* Task *
With the line containing "- intros; apply Derive_correct, k'_diff;" as the start and the line containing "hypA1 k -> hypA2 k kmax -> hypA3 k ->" as the end, transcribe that span of the entries below exactly, including both.

* Data for the task *
(* Assume $k$ satisfies (A1)–(A3) and $\alpha>1$. Then the function $f_r:(0,\infty)\to\mathbb{R}$, $f_r(c)=\frac{k(c)-r}{c}$, has a unique critical point $c_{opt}$, i.e. a unique $c>0$ with $k'(c)=\frac{k(c)-r}{c}$, and $c_{opt}$ is a global maximizer of $f_r$ on $(0,\infty)$. Moreover, in the sigmoidal case (A3)(ii), $c_{opt}>c_{infl}$.
   Context: Let $r>0$ and let $k:[0,\infty)\to[0,\infty)$ satisfy: (A1) $k(0)=0$, $k$ is continuous and strictly increasing on $[0,\infty)$, and twice differentiable on $(0,\infty)$; (A2) $\lim_{c\to\infty}k(c)=k_{max}<\infty$; (A3) either (i) (concave case) $k''(c)<0$ for all $c>0$, or (ii) (sigmoidal case) there is $c_{infl}>0$ with $k''(c)>0$ for $0<c<c_{infl}$ and $k''(c)<0$ for $c>c_{infl}$. Set $\alpha=k_{max}/r$. *)

From Stdlib Require Import Reals.
From Coquelicot Require Import Coquelicot.
Open Scope R_scope.

(* Second derivative of k (meaningful on (0,oo) where k is twice differentiable). *)
Definition k2 (k : R -> R) (c : R) : R := Derive (Derive k) c.

Definition hypA1 (k : R -> R) : Prop :=
  k 0 = 0 /\
  (forall c, 0 <= c -> 0 <= k c) /\
  (forall c, 0 <= c ->
     filterlim k (within (fun x => 0 <= x) (locally c)) (locally (k c))) /\
  (forall x y, 0 <= x -> x < y -> k x < k y) /\
  (forall c, 0 < c -> ex_derive k c) /\
  (forall c, 0 < c -> ex_derive (Derive k) c).

Definition hypA2 (k : R -> R) (kmax : R) : Prop :=
  is_lim k p_infty kmax.

Definition concave_case (k : R -> R) : Prop :=
  forall c, 0 < c -> k2 k c < 0.

Definition sigmoidal_case (k : R -> R) (c_infl : R) : Prop :=
  0 < c_infl /\
  (forall c, 0 < c -> c < c_infl -> 0 < k2 k c) /\
  (forall c, c_infl < c -> k2 k c < 0).

Definition hypA3 (k : R -> R) : Prop :=
  concave_case k \/ exists c_infl, sigmoidal_case k c_infl.

Definition f_r (k : R -> R) (r c : R) : R := (k c - r) / c.

From Stdlib Require Import Reals Lra Ranalysis5.
From Coquelicot Require Import Coquelicot.
Open Scope R_scope.

(* For c > 0 write g(c) = c k'(c) - k(c) + r ("tangent gap").
   Then f_r'(c) = g(c) / c^2 and g'(c) = c k''(c), so the critical points of
   f_r are exactly the zeros of g, and g rises where k is convex and falls
   where k is concave.  Moreover g > 0 near 0 (there k < r and k' >= 0), hence
   g > 0 on the whole convex part (0, p], where p = c_infl in the sigmoidal
   case; beyond p, g is strictly decreasing and eventually negative, because
   k(c) -> k_max > r while c k'(c) <= 2 (k(c) - k(c/2)) -> 0.
   So g changes sign exactly once, at some c_opt > p: f_r increases on
   (0, c_opt) and decreases afterwards. *)

Lemma increasing_of_pos_derive (f df : R -> R) a b : a < b ->
  (forall x, a <= x <= b -> is_derive f x (df x)) ->
  (forall x, a < x < b -> 0 < df x) -> f a < f b.
Proof.
  intros Hab Hder Hpos.
  destruct (MVT_cor2 f df a b Hab) as [x [Hmvt Hx]].
  { intros; apply is_derive_Reals; auto. }
  specialize (Hpos x Hx). nra.
Qed.

Lemma decreasing_of_neg_derive (f df : R -> R) a b : a < b ->
  (forall x, a <= x <= b -> is_derive f x (df x)) ->
  (forall x, a < x < b -> df x < 0) -> f b < f a.
Proof.
  intros Hab Hder Hneg.
  destruct (MVT_cor2 f df a b Hab) as [x [Hmvt Hx]].
  { intros; apply is_derive_Reals; auto. }
  specialize (Hneg x Hx). nra.
Qed.

(* The derivative of a function increasing on [0, oo) is nonnegative
   at every interior point: a negative derivative would make a forward
   difference quotient negative. *)
Lemma derive_nonneg_of_increasing (k : R -> R) c l :
  (forall x y, 0 <= x -> x < y -> k x < k y) -> 0 < c -> is_derive k c l -> 0 <= l.
Proof.
  intros Hinc Hc Hder. apply is_derive_Reals in Hder.
  destruct (Rle_or_lt 0 l) as [Hl | Hl]; [exact Hl | exfalso].
  destruct (Hder (- l / 2) ltac:(lra)) as [d Hd].
  pose proof (cond_pos d) as Hd0.
  assert (Hquot : 0 < (k (c + d / 2) - k c) / (d / 2)).
  { apply Rdiv_lt_0_compat; [| lra].
    assert (k c < k (c + d / 2)) by (apply Hinc; lra). lra. }
  assert (Hclose : Rabs ((k (c + d / 2) - k c) / (d / 2) - l) < - l / 2).
  { apply Hd; [lra | rewrite Rabs_right; lra]. }
  apply Rabs_def2 in Hclose. lra.
Qed.

Lemma decreasing_sign_change (g : R -> R) p C : p < C ->
  (forall x, p <= x -> continuity_pt g x) ->
  (forall a b, p <= a -> a < b -> g b < g a) ->
  0 < g p -> g C < 0 ->
  exists z, p < z /\ g z = 0 /\
    (forall x, p <= x < z -> 0 < g x) /\ (forall x, z < x -> g x < 0).
Proof.
  intros HpC Hcont Hdecr Hp HC.
  destruct (IVT_interv (fun x => - g x) p C) as [z [Hz Hgz]];
    [intros; apply continuity_pt_opp, Hcont; lra | lra | lra | lra |].
  assert (Hzero : g z = 0) by lra.
  assert (Hpz : p < z) by (destruct (Req_dec p z); subst; lra).
  exists z; repeat split; [lra | exact Hzero | |].
  - intros x [Hx Hxz]. rewrite <- Hzero. apply Hdecr; lra.
  - intros x Hzx. rewrite <- Hzero. apply Hdecr; lra.
Qed.

Lemma max_at_sign_change (f df : R -> R) z : 0 < z ->
  (forall x, 0 < x -> is_derive f x (df x)) ->
  (forall x, 0 < x < z -> 0 < df x) -> (forall x, z < x -> df x < 0) ->
  forall c, 0 < c -> f c <= f z.
Proof.
  intros Hz Hder Hpos Hneg c Hc.
  destruct (Rtotal_order c z) as [Hcz | [-> | Hzc]].
  - left. apply (increasing_of_pos_derive f df); auto.
    + intros; apply Hder; lra.
    + intros; apply Hpos; lra.
  - lra.
  - left. apply (decreasing_of_neg_derive f df); auto.
    + intros; apply Hder; lra.
    + intros; apply Hneg; lra.
Qed.

Section TangentGap.

Variables (k : R -> R) (r : R).
Hypothesis r_pos : 0 < r.
Hypothesis k_incr : forall x y, 0 <= x -> x < y -> k x < k y.
Hypothesis k_diff : forall c, 0 < c -> ex_derive k c.
Hypothesis k'_diff : forall c, 0 < c -> ex_derive (Derive k) c.

Definition tangent_gap (c : R) : R := c * Derive k c - k c + r.

Lemma f_r_is_derive c : 0 < c -> is_derive (f_r k r) c (tangent_gap c / (c * c)).
Proof.
  intros Hc. unfold tangent_gap, f_r. pose proof (k_diff c Hc).
  auto_derive; [split; [assumption | lra] |].
  change (fun x : R => k x) with k. field. lra.
Qed.

Lemma tangent_gap_is_derive c : 0 < c -> is_derive tangent_gap c (c * k2 k c).
Proof.
  intros Hc. unfold tangent_gap, k2. pose proof (k_diff c Hc). pose proof (k'_diff c Hc).
  auto_derive; [repeat split; assumption |].
  change (fun x : R => Derive k x) with (Derive k). change (fun x : R => k x) with k. ring.
Qed.

Lemma tangent_gap_continuous c : 0 < c -> continuity_pt tangent_gap c.
Proof.
  intros Hc. apply derivable_continuous_pt. exists (c * k2 k c).
  apply is_derive_Reals, tangent_gap_is_derive, Hc.
Qed.

Lemma critical_point_iff c : 0 < c -> Derive k c = f_r k r c <-> tangent_gap c = 0.
Proof.
  intros Hc. unfold f_r, tangent_gap. split; intros Heq.
  - rewrite Heq. field. lra.
  - replace (k c - r) with (c * Derive k c) by lra. field. lra.
Qed.

Lemma tangent_gap_increasing a b : 0 < a -> a < b ->
  (forall x, a < x < b -> 0 < k2 k x) -> tangent_gap a < tangent_gap b.
Proof.
  intros Ha Hab Hconv. apply (increasing_of_pos_derive _ (fun x => x * k2 k x)); auto.
  - intros; apply tangent_gap_is_derive; lra.
  - intros x Hx. apply Rmult_lt_0_compat; [lra | auto].
Qed.

Lemma tangent_gap_decreasing a b : 0 < a -> a < b ->
  (forall x, a < x < b -> k2 k x < 0) -> tangent_gap b < tangent_gap a.
Proof.
  intros Ha Hab Hconc. apply (decreasing_of_neg_derive _ (fun x => x * k2 k x)); auto.
  - intros; apply tangent_gap_is_derive; lra.
  - intros x Hx. specialize (Hconc x Hx). nra.
Qed.

Hypothesis k_zero : k 0 = 0.
Hypothesis k_cont0 : filterlim k (within (fun x => 0 <= x) (locally 0)) (locally (k 0)).

(* Near 0, k(c) < r by continuity and k'(c) >= 0, so g(c) > 0. *)
Lemma tangent_gap_pos_near_zero :
  exists c0, 0 < c0 /\ forall c, 0 < c <= c0 -> 0 < tangent_gap c.
Proof.
  rewrite k_zero in k_cont0.
  apply filterlim_locally with (eps := mkposreal r r_pos) in k_cont0.
  destruct k_cont0 as [d Hd]. pose proof (cond_pos d) as Hd0.
  exists (d / 2). split; [lra |]. intros c Hc.
  assert (Hball : ball 0 (mkposreal r r_pos) (k c)).
  { apply Hd; [| lra].
    unfold ball; simpl; unfold AbsRing_ball, abs, minus, plus, opp; simpl.
    rewrite Ropp_0, Rplus_0_r, Rabs_right; lra. }
  unfold ball in Hball; simpl in Hball.
  unfold AbsRing_ball, abs, minus, plus, opp in Hball; simpl in Hball.
  rewrite Ropp_0, Rplus_0_r in Hball. apply Rabs_def2 in Hball.
  assert (0 <= Derive k c).
  { apply (derive_nonneg_of_increasing k c); [auto | lra |].
    apply Derive_correct, k_diff; lra. }
  unfold tangent_gap. assert (0 <= c * Derive k c) by (apply Rmult_le_pos; lra). lra.
Qed.

Lemma tangent_gap_pos_on_convex_part q :
  (forall c, 0 < c -> c < q -> 0 < k2 k c) -> forall c, 0 < c <= q -> 0 < tangent_gap c.
Proof.
  intros Hconv c Hc. destruct tangent_gap_pos_near_zero as [c0 [Hc0 Hnear]].
  destruct (Rle_or_lt c c0) as [Hle | Hlt]; [apply Hnear; lra |].
  apply Rlt_trans with (tangent_gap c0); [apply Hnear; lra |].
  apply tangent_gap_increasing; [lra | lra |]. intros; apply Hconv; lra.
Qed.

(* Under (A3) there is p > 0 such that g > 0 on (0, p] and k is strictly
   concave beyond p (p = c_infl in the sigmoidal case). *)
Lemma tangent_gap_profile : hypA3 k ->
  exists p, 0 < p /\ (forall c, 0 < c <= p -> 0 < tangent_gap c) /\
            (forall c, p < c -> k2 k c < 0).
Proof.
  intros [Hconc | [ci [Hci [Hconv Hconc]]]].
  - destruct tangent_gap_pos_near_zero as [c0 [Hc0 Hnear]].
    exists c0. repeat split; auto. intros c Hc; apply Hconc; lra.
  - exists ci. repeat split; auto. apply tangent_gap_pos_on_convex_part, Hconv.
Qed.

(* If k -> k_max > r and k is concave beyond p, then g becomes negative:
   for large a, 2a k'(2a) < 2a k'(xi) = 2 (k(2a) - k(a)) is small by the mean
   value theorem, while k(2a) - r is close to k_max - r > 0. *)
Lemma tangent_gap_eventually_neg kmax p : 0 < p -> kmax > r -> is_lim k p_infty kmax ->
  (forall c, p < c -> k2 k c < 0) -> exists C, p < C /\ tangent_gap C < 0.
Proof.
  intros Hp Hkr Hlim Hconc. apply is_lim_spec in Hlim.
  destruct (Hlim (mkposreal ((kmax - r) / 4) ltac:(lra))) as [M HM]. simpl in HM.
  set (a := Rmax M p + 1).
  assert (HMa : M < a) by (unfold a; generalize (Rmax_l M p); lra).
  assert (Hpa : p < a) by (unfold a; generalize (Rmax_r M p); lra).
  exists (2 * a). split; [lra |].
  destruct (MVT_cor2 k (Derive k) a (2 * a)) as [xi [Hmvt Hxi]]; [lra | |].
  { intros; apply is_derive_Reals, Derive_correct, k_diff; lra. }
  assert (Hslope : Derive k (2 * a) < Derive k xi).
  { apply (decreasing_of_neg_derive (Derive k) (k2 k)); [lra | |].
    - intros; apply Derive_correct, k'_diff; lra.
    - intros; apply Hconc; lra. }
  assert (2 * a * Derive k (2 * a) < 2 * a * Derive k xi) by (apply Rmult_lt_compat_l; lra).
  pose proof (HM a HMa) as Ha. pose proof (HM (2 * a) ltac:(lra)) as H2a.
  apply Rabs_def2 in Ha. apply Rabs_def2 in H2a.
  unfold tangent_gap. nra.
Qed.

End TangentGap.

Theorem lemma1 (k : R -> R) (r kmax : R) :
  0 < r ->
  hypA1 k -> hypA2 k kmax -> hypA3 k ->
  kmax / r > 1 ->
  exists c_opt : R,
    0 < c_opt /\
    Derive k c_opt = f_r k r c_opt /\
    (forall c, 0 < c -> Derive k c = f_r k r c -> c = c_opt) /\
    (forall c, 0 < c -> f_r k r c <= f_r k r c_opt) /\
    (forall c_infl, sigmoidal_case k c_infl -> c_infl < c_opt).
Proof.
  intros Hr [Hk0 [_ [Hcont [Hincr [Hdiff Hdiff2]]]]] Hlim HA3 Hratio.
  set (g := tangent_gap k r).
  pose proof (Hcont 0 (Rle_refl 0)) as Hcont0.
  assert (Hkr : kmax > r) by (apply Rmult_gt_compat_r with (r := r) in Hratio;
                              [field_simplify in Hratio; lra | lra]).
  destruct (tangent_gap_profile k r Hr Hincr Hdiff Hdiff2 Hk0 Hcont0 HA3)
    as [p [Hp [Hgp Hconc]]].
  destruct (tangent_gap_eventually_neg k r Hdiff Hdiff2 kmax p Hp Hkr Hlim Hconc)
    as [C [HpC HgC]].
  assert (Hgcont : forall x, p <= x -> continuity_pt g x)
    by (intros; apply tangent_gap_continuous; auto; lra).
  assert (Hgdecr : forall a b, p <= a -> a < b -> g b < g a)
    by (intros; apply tangent_gap_decreasing; auto; [lra | intros; apply Hconc; lra]).
  destruct (decreasing_sign_change g p C HpC Hgcont Hgdecr ltac:(apply Hgp; lra) HgC)
    as [z [Hpz [Hgz [Hbefore Hafter]]]].
  assert (Hpos : forall x, 0 < x < z -> 0 < g x).
  { intros x Hx. destruct (Rle_or_lt x p); [apply Hgp | apply Hbefore]; lra. }
  exists z. repeat split; [lra | apply critical_point_iff; auto; lra | | |].
  - intros c Hc Hcrit. apply critical_point_iff in Hcrit; [| lra].
    destruct (Rtotal_order c z) as [Hcz | [Hcz | Hzc]]; auto.
    + specialize (Hpos c (conj Hc Hcz)). unfold g in Hpos. lra.
    + specialize (Hafter c Hzc). unfold g in Hafter. lra.
  - apply (max_at_sign_change _ (fun x => g x / (x * x))); [lra | apply f_r_is_derive, Hdiff | |].
    + intros x Hx. apply Rdiv_lt_0_compat; [apply Hpos; lra | apply Rmult_lt_0_compat; lra].
    + intros x Hx. apply Rdiv_neg_pos; [apply Hafter; lra | apply Rmult_lt_0_compat; lra].
  - intros ci [Hci [Hconv _]]. destruct (Rlt_or_le ci z) as [Hlt | Hle]; [exact Hlt |].
    assert (0 < g z) by (apply (tangent_gap_pos_on_convex_part k r Hr Hincr Hdiff Hdiff2
                                  Hk0 Hcont0 ci); auto; lra).
    lra.
Qed.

* Exercise answer *
    - intros; apply Derive_correct, k'_diff; lra.
    - intros; apply Hconc; lra. }
  assert (2 * a * Derive k (2 * a) < 2 * a * Derive k xi) by (apply Rmult_lt_compat_l; lra).
  pose proof (HM a HMa) as Ha. pose proof (HM (2 * a) ltac:(lra)) as H2a.
  apply Rabs_def2 in Ha. apply Rabs_def2 in H2a.
  unfold tangent_gap. nra.
Qed.

End TangentGap.

Theorem lemma1 (k : R -> R) (r kmax : R) :
  0 < r ->
  hypA1 k -> hypA2 k kmax -> hypA3 k ->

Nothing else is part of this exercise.